(Required work) The entries that follow need to be retyped verbatim.

(Excerpts from a dataset)
== Segment start ==

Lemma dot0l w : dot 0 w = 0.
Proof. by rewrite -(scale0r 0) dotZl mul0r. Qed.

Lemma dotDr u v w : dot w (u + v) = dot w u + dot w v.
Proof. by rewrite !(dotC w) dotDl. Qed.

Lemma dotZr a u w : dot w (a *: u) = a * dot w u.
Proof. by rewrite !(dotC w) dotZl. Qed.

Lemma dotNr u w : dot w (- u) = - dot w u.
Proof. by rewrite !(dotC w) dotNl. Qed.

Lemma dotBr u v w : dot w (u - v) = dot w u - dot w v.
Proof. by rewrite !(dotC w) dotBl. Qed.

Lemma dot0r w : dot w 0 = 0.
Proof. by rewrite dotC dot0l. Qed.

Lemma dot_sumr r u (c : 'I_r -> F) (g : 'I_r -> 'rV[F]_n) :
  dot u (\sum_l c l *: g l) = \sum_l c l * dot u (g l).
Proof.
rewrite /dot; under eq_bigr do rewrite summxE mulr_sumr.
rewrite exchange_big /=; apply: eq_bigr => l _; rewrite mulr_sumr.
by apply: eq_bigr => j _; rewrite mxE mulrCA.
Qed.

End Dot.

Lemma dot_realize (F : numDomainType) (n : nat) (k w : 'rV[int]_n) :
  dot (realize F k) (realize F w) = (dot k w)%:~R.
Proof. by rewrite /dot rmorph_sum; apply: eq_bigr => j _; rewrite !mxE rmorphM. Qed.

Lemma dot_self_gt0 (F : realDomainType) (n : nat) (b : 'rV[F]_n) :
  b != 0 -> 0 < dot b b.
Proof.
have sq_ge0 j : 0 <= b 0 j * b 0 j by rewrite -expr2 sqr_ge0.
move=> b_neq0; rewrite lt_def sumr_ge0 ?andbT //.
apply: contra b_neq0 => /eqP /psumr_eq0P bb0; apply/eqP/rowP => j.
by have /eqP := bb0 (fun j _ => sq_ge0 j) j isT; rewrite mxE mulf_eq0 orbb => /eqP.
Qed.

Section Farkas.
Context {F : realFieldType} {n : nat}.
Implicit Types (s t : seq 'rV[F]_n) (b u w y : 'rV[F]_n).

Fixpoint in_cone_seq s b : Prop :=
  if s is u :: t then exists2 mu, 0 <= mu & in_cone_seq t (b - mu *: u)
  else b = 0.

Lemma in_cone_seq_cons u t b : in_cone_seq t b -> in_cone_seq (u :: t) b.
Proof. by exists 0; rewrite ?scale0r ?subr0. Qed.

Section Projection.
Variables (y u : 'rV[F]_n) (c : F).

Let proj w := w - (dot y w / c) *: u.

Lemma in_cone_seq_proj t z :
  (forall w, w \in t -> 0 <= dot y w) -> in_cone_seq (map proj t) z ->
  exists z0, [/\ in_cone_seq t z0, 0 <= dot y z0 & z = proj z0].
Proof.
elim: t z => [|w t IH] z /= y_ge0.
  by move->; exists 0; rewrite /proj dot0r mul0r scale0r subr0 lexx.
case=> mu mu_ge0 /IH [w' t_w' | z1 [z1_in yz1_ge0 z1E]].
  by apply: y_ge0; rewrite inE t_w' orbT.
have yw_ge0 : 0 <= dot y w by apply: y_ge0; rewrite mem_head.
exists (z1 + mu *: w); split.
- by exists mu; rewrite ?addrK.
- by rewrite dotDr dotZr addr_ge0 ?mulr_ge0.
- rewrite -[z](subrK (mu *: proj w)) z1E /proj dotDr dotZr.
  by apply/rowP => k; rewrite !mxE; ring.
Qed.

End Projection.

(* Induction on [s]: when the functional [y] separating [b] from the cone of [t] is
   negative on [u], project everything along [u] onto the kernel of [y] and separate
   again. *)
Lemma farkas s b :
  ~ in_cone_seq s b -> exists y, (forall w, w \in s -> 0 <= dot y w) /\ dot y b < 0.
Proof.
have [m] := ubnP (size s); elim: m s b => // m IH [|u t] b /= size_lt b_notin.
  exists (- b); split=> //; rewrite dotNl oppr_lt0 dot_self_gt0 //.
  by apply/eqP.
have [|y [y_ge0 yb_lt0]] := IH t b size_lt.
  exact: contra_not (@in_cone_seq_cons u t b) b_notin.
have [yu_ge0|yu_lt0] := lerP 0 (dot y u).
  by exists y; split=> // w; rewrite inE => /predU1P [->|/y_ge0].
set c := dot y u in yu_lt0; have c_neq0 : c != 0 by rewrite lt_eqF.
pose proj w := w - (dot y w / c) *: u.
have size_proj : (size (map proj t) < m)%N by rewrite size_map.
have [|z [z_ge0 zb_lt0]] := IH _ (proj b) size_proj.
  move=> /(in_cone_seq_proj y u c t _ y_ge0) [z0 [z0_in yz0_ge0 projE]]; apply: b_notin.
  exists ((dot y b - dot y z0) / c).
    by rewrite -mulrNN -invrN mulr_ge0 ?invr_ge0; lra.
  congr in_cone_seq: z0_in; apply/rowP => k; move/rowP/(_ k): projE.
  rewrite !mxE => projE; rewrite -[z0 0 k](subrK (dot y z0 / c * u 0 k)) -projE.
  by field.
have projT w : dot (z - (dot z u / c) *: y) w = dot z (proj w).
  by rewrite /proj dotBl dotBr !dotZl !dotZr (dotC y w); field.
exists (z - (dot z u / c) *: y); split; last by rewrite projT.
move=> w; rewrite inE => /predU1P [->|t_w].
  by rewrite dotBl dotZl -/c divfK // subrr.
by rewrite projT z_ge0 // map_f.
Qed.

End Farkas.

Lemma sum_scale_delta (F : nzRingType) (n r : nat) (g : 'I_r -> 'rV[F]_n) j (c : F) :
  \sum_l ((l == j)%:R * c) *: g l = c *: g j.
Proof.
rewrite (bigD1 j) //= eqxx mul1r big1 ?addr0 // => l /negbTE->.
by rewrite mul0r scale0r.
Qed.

== Segment end ==

(Your response)
Lemma dot0l w : dot 0 w = 0.
Proof. by rewrite -(scale0r 0) dotZl mul0r. Qed.

Lemma dotDr u v w : dot w (u + v) = dot w u + dot w v.
Proof. by rewrite !(dotC w) dotDl. Qed.

Lemma dotZr a u w : dot w (a *: u) = a * dot w u.
Proof. by rewrite !(dotC w) dotZl. Qed.

Lemma dotNr u w : dot w (- u) = - dot w u.
Proof. by rewrite !(dotC w) dotNl. Qed.

Lemma dotBr u v w : dot w (u - v) = dot w u - dot w v.
Proof. by rewrite !(dotC w) dotBl. Qed.

Lemma dot0r w : dot w 0 = 0.
Proof. by rewrite dotC dot0l. Qed.

Lemma dot_sumr r u (c : 'I_r -> F) (g : 'I_r -> 'rV[F]_n) :
  dot u (\sum_l c l *: g l) = \sum_l c l * dot u (g l).
Proof.
rewrite /dot; under eq_bigr do rewrite summxE mulr_sumr.
rewrite exchange_big /=; apply: eq_bigr => l _; rewrite mulr_sumr.
by apply: eq_bigr => j _; rewrite mxE mulrCA.
Qed.

End Dot.

Lemma dot_realize (F : numDomainType) (n : nat) (k w : 'rV[int]_n) :
  dot (realize F k) (realize F w) = (dot k w)%:~R.
Proof. by rewrite /dot rmorph_sum; apply: eq_bigr => j _; rewrite !mxE rmorphM. Qed.

Lemma dot_self_gt0 (F : realDomainType) (n : nat) (b : 'rV[F]_n) :
  b != 0 -> 0 < dot b b.
Proof.
have sq_ge0 j : 0 <= b 0 j * b 0 j by rewrite -expr2 sqr_ge0.
move=> b_neq0; rewrite lt_def sumr_ge0 ?andbT //.
apply: contra b_neq0 => /eqP /psumr_eq0P bb0; apply/eqP/rowP => j.
by have /eqP := bb0 (fun j _ => sq_ge0 j) j isT; rewrite mxE mulf_eq0 orbb => /eqP.
Qed.

Section Farkas.
Context {F : realFieldType} {n : nat}.
Implicit Types (s t : seq 'rV[F]_n) (b u w y : 'rV[F]_n).

Fixpoint in_cone_seq s b : Prop :=
  if s is u :: t then exists2 mu, 0 <= mu & in_cone_seq t (b - mu *: u)
  else b = 0.

Lemma in_cone_seq_cons u t b : in_cone_seq t b -> in_cone_seq (u :: t) b.
Proof. by exists 0; rewrite ?scale0r ?subr0. Qed.

Section Projection.
Variables (y u : 'rV[F]_n) (c : F).

Let proj w := w - (dot y w / c) *: u.

Lemma in_cone_seq_proj t z :
  (forall w, w \in t -> 0 <= dot y w) -> in_cone_seq (map proj t) z ->
  exists z0, [/\ in_cone_seq t z0, 0 <= dot y z0 & z = proj z0].
Proof.
elim: t z => [|w t IH] z /= y_ge0.
  by move->; exists 0; rewrite /proj dot0r mul0r scale0r subr0 lexx.
case=> mu mu_ge0 /IH [w' t_w' | z1 [z1_in yz1_ge0 z1E]].
  by apply: y_ge0; rewrite inE t_w' orbT.
have yw_ge0 : 0 <= dot y w by apply: y_ge0; rewrite mem_head.
exists (z1 + mu *: w); split.
- by exists mu; rewrite ?addrK.
- by rewrite dotDr dotZr addr_ge0 ?mulr_ge0.
- rewrite -[z](subrK (mu *: proj w)) z1E /proj dotDr dotZr.
  by apply/rowP => k; rewrite !mxE; ring.
Qed.

End Projection.

(* Induction on [s]: when the functional [y] separating [b] from the cone of [t] is
   negative on [u], project everything along [u] onto the kernel of [y] and separate
   again. *)
Lemma farkas s b :
  ~ in_cone_seq s b -> exists y, (forall w, w \in s -> 0 <= dot y w) /\ dot y b < 0.
Proof.
have [m] := ubnP (size s); elim: m s b => // m IH [|u t] b /= size_lt b_notin.
  exists (- b); split=> //; rewrite dotNl oppr_lt0 dot_self_gt0 //.
  by apply/eqP.
have [|y [y_ge0 yb_lt0]] := IH t b size_lt.
  exact: contra_not (@in_cone_seq_cons u t b) b_notin.
have [yu_ge0|yu_lt0] := lerP 0 (dot y u).
  by exists y; split=> // w; rewrite inE => /predU1P [->|/y_ge0].
set c := dot y u in yu_lt0; have c_neq0 : c != 0 by rewrite lt_eqF.
pose proj w := w - (dot y w / c) *: u.
have size_proj : (size (map proj t) < m)%N by rewrite size_map.
have [|z [z_ge0 zb_lt0]] := IH _ (proj b) size_proj.
  move=> /(in_cone_seq_proj y u c t _ y_ge0) [z0 [z0_in yz0_ge0 projE]]; apply: b_notin.
  exists ((dot y b - dot y z0) / c).
    by rewrite -mulrNN -invrN mulr_ge0 ?invr_ge0; lra.
  congr in_cone_seq: z0_in; apply/rowP => k; move/rowP/(_ k): projE.
  rewrite !mxE => projE; rewrite -[z0 0 k](subrK (dot y z0 / c * u 0 k)) -projE.
  by field.
have projT w : dot (z - (dot z u / c) *: y) w = dot z (proj w).
  by rewrite /proj dotBl dotBr !dotZl !dotZr (dotC y w); field.
exists (z - (dot z u / c) *: y); split; last by rewrite projT.
move=> w; rewrite inE => /predU1P [->|t_w].
  by rewrite dotBl dotZl -/c divfK // subrr.
by rewrite projT z_ge0 // map_f.
Qed.

End Farkas.

Lemma sum_scale_delta (F : nzRingType) (n r : nat) (g : 'I_r -> 'rV[F]_n) j (c : F) :
  \sum_l ((l == j)%:R * c) *: g l = c *: g j.
Proof.
rewrite (bigD1 j) //= eqxx mul1r big1 ?addr0 // => l /negbTE->.
by rewrite mul0r scale0r.
Qed.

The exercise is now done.